Entity Matching by Pool-Based Active Learning

Youfang Han,Chunping Li
DOI: https://doi.org/10.3390/electronics13030559
IF: 2.9
2024-01-31
Electronics
Abstract:The goal of entity matching is to find the corresponding records representing the same entity from different data sources. At present, in the mainstream methods, rule-based entity matching methods need tremendous domain knowledge. Machine-learning-based or deep-learning-based entity matching methods need a large number of labeled samples to build the model, which is difficult to achieve in some applications. In addition, learning-based methods are more likely to overfit, so the quality requirements of training samples are very high. In this paper, we present an active learning method for entity matching tasks. This method needs to manually label only a small number of valuable samples, and use these labeled samples to build a model with high quality. This paper proposes hybrid uncertainty as a query strategy to find those valuable samples for labeling, which can minimize the number of labeled training samples and at the same time meet the requirements of entity matching tasks. The proposed method is validated on seven data sets in different fields. The experiments show that the proposed method uses only a small number of labeled samples and achieves better effects compared to current existing approaches.
engineering, electrical & electronic,computer science, information systems,physics, applied
What problem does this paper attempt to address?
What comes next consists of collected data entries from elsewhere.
(* Let $G=(V,E)$ be an undirected weighted graph in which shortest paths are unique. Let $u,v\in V$, let $D\subseteq E$ be a set of $d$ edges such that $u$ and $v$ are connected in $G-D$, and let $r=\mathrm{rank}_{G-D}(u,v)$. Suppose $w$ is a vertex on $\pi_{G-D}(u,v)$ such that both $\pi(u,w)$ and $\pi(w,v)$ contain an edge of $D$. Then $\mathrm{rank}_{G-D}(u,w)\le r-1$ and $\mathrm{rank}_{G-D}(w,v)\le r-1$.
   Context: For $D\subseteq E$, $G-D$ is $G$ with the edges of $D$ removed. For a graph $H$ and vertices $a,b$, $\pi_H(a,b)$ denotes the (unique) shortest path from $a$ to $b$ in $H$, regarded as a directed path from $a$ to $b$; $\pi(a,b)=\pi_G(a,b)$. A path is $k$-decomposable if it is the concatenation of at most $k+1$ shortest paths in $G$, interleaved with at most $k$ edges. $\mathrm{rank}_{G-D}(a,b)$ is the smallest integer $i\ge 0$ such that $\pi_{G-D}(a,b)$ is an $i$-decomposable path. *)

From HB Require Import structures.
From mathcomp Require Import all_boot all_order all_algebra.
Set Implicit Arguments. Unset Strict Implicit. Unset Printing Implicit Defensive.
Import Order.TTheory GRing.Theory Num.Theory.
Local Open Scope ring_scope.

(* A path (or walk) is represented
   by its non-empty vertex sequence [x :: p]. *)

Section Graph.
Variables (V : finType) (R : realDomainType).

Definition undirected_weighted_graph (adj : rel V) (wt : V -> V -> R) : Prop :=
  [/\ symmetric adj, irreflexive adj,
      (forall x y, wt x y = wt y x) &
      (forall x y, adj x y -> 0 < wt x y)].

Definition in_D (D : {set V * V}) (x y : V) : bool := ((x, y) \in D) || ((y, x) \in D).

Definition adj_minus (adj : rel V) (D : {set V * V}) : rel V :=
  fun x y => adj x y && ~~ in_D D x y.

Definition edge_set (adj : rel V) (D : {set V * V}) : Prop :=
  forall e, e \in D -> adj e.1 e.2.

Fixpoint pweight (wt : V -> V -> R) (x : V) (p : seq V) : R :=
  if p is y :: q then wt x y + pweight wt y q else 0.

Definition is_sp (e : rel V) (wt : V -> V -> R) (a b : V) (s : seq V) : Prop :=
  exists p, [/\ s = a :: p, path e a p, last a p = b &
    forall q, path e a q -> last a q = b -> pweight wt a p <= pweight wt a q].

Definition edges_of (s : seq V) : seq (V * V) := zip s (behead s).

Definition contains_D_edge (D : {set V * V}) (s : seq V) : Prop :=
  has (fun e => in_D D e.1 e.2) (edges_of s).

(* [dec adj wt s n]: s is the concatenation of n+1 shortest paths of G,
   where consecutive pieces are either glued at a common vertex or joined by
   an edge of G (hence at most n edges are interleaved). *)
Inductive dec (adj : rel V) (wt : V -> V -> R) : seq V -> nat -> Prop :=
| dec_one a b Q : is_sp adj wt a b Q -> dec adj wt Q 0
| dec_glue a b Q S n : is_sp adj wt a b Q -> dec adj wt S n ->
    head b S = b -> dec adj wt (Q ++ behead S) n.+1
| dec_edge a b Q S n : is_sp adj wt a b Q -> dec adj wt S n ->
    S <> [::] -> adj b (head b S) -> dec adj wt (Q ++ S) n.+1.

Definition decomposable (adj : rel V) (wt : V -> V -> R) (s : seq V) (k : nat) : Prop :=
  exists2 n, (n <= k)%N & dec adj wt s n.

Definition is_rank (adj : rel V) (wt : V -> V -> R) (s : seq V) (r : nat) : Prop :=
  decomposable adj wt s r /\ forall i, decomposable adj wt s i -> (r <= i)%N.

Definition unique_shortest_paths (adj : rel V) (wt : V -> V -> R) : Prop :=
  forall (D : {set V * V}) a b s1 s2,
    is_sp (adj_minus adj D) wt a b s1 -> is_sp (adj_minus adj D) wt a b s2 -> s1 = s2.

End Graph.

From HB Require Import structures.
From mathcomp Require Import all_boot all_order all_algebra.
From mathcomp Require Import zify.
From Stdlib Require Import Classical_Prop.
Import Order.TTheory GRing.Theory Num.Theory.
Local Open Scope ring_scope.

(* A decomposition of pi_{G-D}(u,v) into n+1 <= r+1 pieces splits at w into
   decompositions of the two halves using j and n-j junctions.  Neither half
   is 0-decomposable: it would then be a shortest path of G, hence by
   uniqueness equal to pi(u,w) (resp. pi(w,v)), which uses an edge of D,
   whereas a path of G - D does not.  So 0 < j < n <= r. *)

Section ShortestPaths.
Local Set Implicit Arguments.
Local Unset Strict Implicit.

Lemma cat_eq_cat_cons (T : Type) (s1 s2 t1 t2 : seq T) (x : T) :
  s1 ++ s2 = t1 ++ x :: t2 ->
  (exists t, s1 = t1 ++ x :: t /\ t2 = t ++ s2) \/
  (exists t, t1 = s1 ++ t /\ s2 = t ++ x :: t2).
Proof.
elim: s1 t1 => [|y s1 IH] t1 /=; first by move=> ->; right; exists t1.
case: t1 => [|z t1] /= [-> E]; first by left; exists s1; rewrite E.
by case: (IH t1 E) => [[t [-> ->]]|[t [-> ->]]]; [left | right]; exists t.
Qed.

Variables (V : finType) (R : realDomainType).
Implicit Types (adj e : rel V) (wt : V -> V -> R) (D : {set V * V}).

Lemma pweight_cat wt x p q :
  pweight wt x (p ++ q) = pweight wt x p + pweight wt (last x p) q.
Proof. by elim: p x => [|y p IH] x /=; rewrite ?add0r // IH addrA. Qed.

Lemma is_sp_endpoints e e' wt wt' a b a' b' s :
  is_sp e wt a b s -> is_sp e' wt' a' b' s -> a = a' /\ b = b'.
Proof. by case=> p [-> _ <- _]; case=> p' [[<- <-] _ <- _]. Qed.

Lemma eq_is_sp e e' wt a b s :
  e =2 e' -> is_sp e wt a b s -> is_sp e' wt a b s.
Proof.
move=> ee' [p [-> ep lastp opt]]; exists p; split => //; first by rewrite -(eq_path ee').
by move=> q; rewrite -(eq_path ee'); apply: opt.
Qed.

(* Exchanging either part for a cheaper path with the same ends would give a
   cheaper path from a to b. *)
Lemma is_sp_cat e wt a b p1 p2 :
  is_sp e wt a b (a :: p1 ++ p2) ->
  is_sp e wt a (last a p1) (a :: p1) /\ is_sp e wt (last a p1) b (last a p1 :: p2).
Proof.
case=> p [[<-]]; rewrite cat_path last_cat => /andP[ep1 ep2] lastp opt.
split.
- exists p1; split => // q eq lastq.
  have := opt (q ++ p2); rewrite cat_path eq lastq ep2 last_cat lastq.
  by rewrite !pweight_cat lastq lerD2r; apply.
- exists p2; split => // q eq lastq.
  have := opt (p1 ++ q); rewrite cat_path eq ep1 last_cat lastq.
  by rewrite !pweight_cat lerD2l; apply.
Qed.

Lemma is_sp_split e wt a b s1 c s2 :
  is_sp e wt a b (s1 ++ c :: s2) ->
  is_sp e wt a c (rcons s1 c) /\ is_sp e wt c b (c :: s2).
Proof.
have headE a' s : is_sp e wt a b (a' :: s) -> a' = a by case=> p [[->]].
case: s1 => [|a' s1] /= sp; have Ea := headE _ _ sp; subst.
  exact: (@is_sp_cat e wt a b [::]).
by have := @is_sp_cat e wt a b (rcons s1 c) s2; rewrite cat_rcons last_rcons; apply.
Qed.

Lemma adj_minus0 adj : adj_minus adj set0 =2 adj.
Proof. by move=> x y; rewrite /adj_minus /in_D !in_set0 andbT. Qed.

Lemma unique_sp_graph adj wt a b s1 s2 :
  unique_shortest_paths adj wt ->
  is_sp adj wt a b s1 -> is_sp adj wt a b s2 -> s1 = s2.
Proof.
move=> uniq sp1 sp2; have e0 x y := esym (adj_minus0 adj x y).
exact: (uniq set0 _ _ _ _ (eq_is_sp e0 sp1) (eq_is_sp e0 sp2)).
Qed.

Lemma path_adj_minus_noD adj D a p :
  path (adj_minus adj D) a p -> ~ contains_D_edge D (a :: p).
Proof.
move=> ep; apply/negP; elim: p a ep => [|y p IH] a //= /andP[/andP[_ notD] ep].
by rewrite /contains_D_edge /= negb_or notD IH.
Qed.

Lemma is_sp_adj_minus_noD adj D wt a b s :
  is_sp (adj_minus adj D) wt a b s -> ~ contains_D_edge D s.
Proof. by case=> p [-> ep _ _]; apply: path_adj_minus_noD ep. Qed.

Lemma sp_minus_not_dec0 adj wt D a b s Q :
  unique_shortest_paths adj wt ->
  is_sp (adj_minus adj D) wt a b s -> is_sp adj wt a b Q -> contains_D_edge D Q ->
  ~ dec adj wt s 0.
Proof.
move=> uniq sps spQ DQ dec0; inversion dec0 as [a' b' s' sp' | |]; subst.
have [Ea Eb] := is_sp_endpoints sp' sps; subst a' b'.
by apply: (is_sp_adj_minus_noD sps); rewrite (unique_sp_graph uniq sp' spQ).
Qed.

Lemma dec_split adj wt s n s1 x s2 :
  dec adj wt s n -> s = s1 ++ x :: s2 ->
  exists2 j, (j <= n)%N & dec adj wt (rcons s1 x) j /\ dec adj wt (x :: s2) (n - j).
Proof.
move=> dn; elim: dn s1 => {s n} [a b Q spQ | a b Q S n spQ dS IH headS | a b Q S n spQ dS IH S0 ab] s1.
- move=> EQ; rewrite EQ in spQ; have [sp1 sp2] := is_sp_split spQ.
  by exists 0%N => //; split; [apply: dec_one sp1 | apply: dec_one sp2].
- move=> E; case: (cat_eq_cat_cons E) => {E} [[t [EQ ->]] | [t [-> ES]]].
    rewrite EQ in spQ; have [sp1 sp2] := is_sp_split spQ.
    exists 0%N => //; split; first exact: dec_one sp1.
    by rewrite subn0 -cat_cons; apply: dec_glue sp2 dS headS.
  case: S dS ES headS IH => [|c S] dS /=; first by case: t.
  move=> ES Ec IH; subst c S; case: (IH (b :: t) erefl) => j jn [d1 d2].
  exists j.+1 => //; split => //.
  by rewrite rcons_cat -[rcons t x]/(behead (rcons (b :: t) x)); apply: dec_glue spQ d1 _.
- move=> E; case: (cat_eq_cat_cons E) => {E} [[t [EQ ->]] | [t [-> ES]]].
    rewrite EQ in spQ; have [sp1 sp2] := is_sp_split spQ.
    exists 0%N => //; split; first exact: dec_one sp1.
    by rewrite subn0 -cat_cons; apply: dec_edge sp2 dS S0 ab.
  rewrite ES -cat_rcons headI /= in ab; case: (IH t ES) => j jn [d1 d2].
  exists j.+1 => //; split => //.
  by rewrite rcons_cat; apply: dec_edge spQ d1 _ _; rewrite headI.
Qed.

Lemma decomposable_rank adj wt s k :
  decomposable adj wt s k -> exists r, is_rank adj wt s r /\ (r <= k)%N.
Proof.
elim: k => [|k IH] dk; first by exists 0%N.
case: (classic (decomposable adj wt s k)) => [/IH[r [rk ?]] | notdk].
  by exists r; split; last exact: leqW.
exists k.+1; split => //; split => // i [m mi dm].
by rewrite ltnNge; apply/negP => ik; apply: notdk; exists m; first exact: leq_trans mi ik.
Qed.

Lemma dec_rank_lt adj wt s j r :
  dec adj wt s j -> (j < r)%N -> exists r', is_rank adj wt s r' /\ (r' < r)%N.
Proof.
move=> dj jr; have [r' [rk r'j]] := decomposable_rank (ex_intro2 _ _ j (leqnn j) dj).
by exists r'; split; last exact: leq_ltn_trans jr.
Qed.

End ShortestPaths.

Theorem claim3p2 (V : finType) (R : realDomainType) (adj : rel V) (wt : V -> V -> R)
  (D : {set V * V}) (u v w : V) (P : seq V) (r : nat) :
  undirected_weighted_graph adj wt ->
  unique_shortest_paths adj wt ->
  edge_set adj D ->
  (* P = pi_{G-D}(u,v); its existence means u, v are connected in G - D *)
  is_sp (adj_minus adj D) wt u v P ->
  is_rank adj wt P r ->
  w \in P ->
  (exists2 Q, is_sp adj wt u w Q & contains_D_edge D Q) ->
  (exists2 Q, is_sp adj wt w v Q & contains_D_edge D Q) ->
  (forall P1, is_sp (adj_minus adj D) wt u w P1 ->
     exists r1, is_rank adj wt P1 r1 /\ (r1 < r)%N) /\
  (forall P2, is_sp (adj_minus adj D) wt w v P2 ->
     exists r2, is_rank adj wt P2 r2 /\ (r2 < r)%N).
Proof.
move=> _ uniq _ spP [[n nr decP] _] wP [Q1 spQ1 DQ1] [Q2 spQ2 DQ2].
case/splitPr: wP spP decP => s1 s2 spP decP.
have [sp1 sp2] := is_sp_split spP.
have [j jn [dec1 dec2]] := dec_split decP erefl.
have j_gt0 : (0 < j)%N.
  by case: j dec1 {jn dec2} => // /(sp_minus_not_dec0 uniq sp1 spQ1 DQ1).
have nj_gt0 : (0 < n - j)%N.
  by case: (n - j)%N dec2 => // /(sp_minus_not_dec0 uniq sp2 spQ2 DQ2).
split=> [P1 spP1 | P2 spP2].
- by rewrite (uniq D _ _ _ _ spP1 sp1); apply: dec_rank_lt dec1 _; lia.
- by rewrite (uniq D _ _ _ _ spP2 sp2); apply: dec_rank_lt dec2 _; lia.
Qed.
### What problem does this paper attempt to solve? This paper primarily addresses several key issues in the entity matching task: 1. **Insufficient labeled samples**: - In many real-world applications, obtaining a large number of labeled samples is very difficult because manual labeling requires a lot of human effort and time, and it is challenging to acquire enough effective labels in a short period. 2. **Data sample imbalance**: - The entity matching task usually exhibits extreme data sample imbalance, where the number of non-matching samples far exceeds the number of matching samples. This imbalance may lead to insufficient training of matching samples in binary classification tasks. 3. **Low labeling efficiency**: - Many entity pairs can be easily determined to match or not through simple comparison, thus the value of labeling these data is low. If records from different datasets are directly given to experts for pairwise labeling, it would result in a large amount of unnecessary work. 4. **Adaptability to new domains**: - Although deep learning methods based on pre-trained language models can achieve good matching results, they struggle to perform well when encountering new domain problems without suitable pre-trained models and domain-specific knowledge. To address the above issues, the authors propose a pool-based active learning method to train the entity matching model. This method aims to achieve higher accuracy by labeling only a small number of the most valuable samples. Specifically, the method employs mixed uncertainty as a query strategy to select the most valuable samples for labeling from the unlabeled data pool. This approach does not require pre-trained language models or complex preprocessing steps and can perform well with a small number of labeled samples. In summary, the main goal of this paper is to effectively address issues such as insufficient labeled samples, data imbalance, and low labeling efficiency in the entity matching task through an active learning method, thereby improving the overall model performance.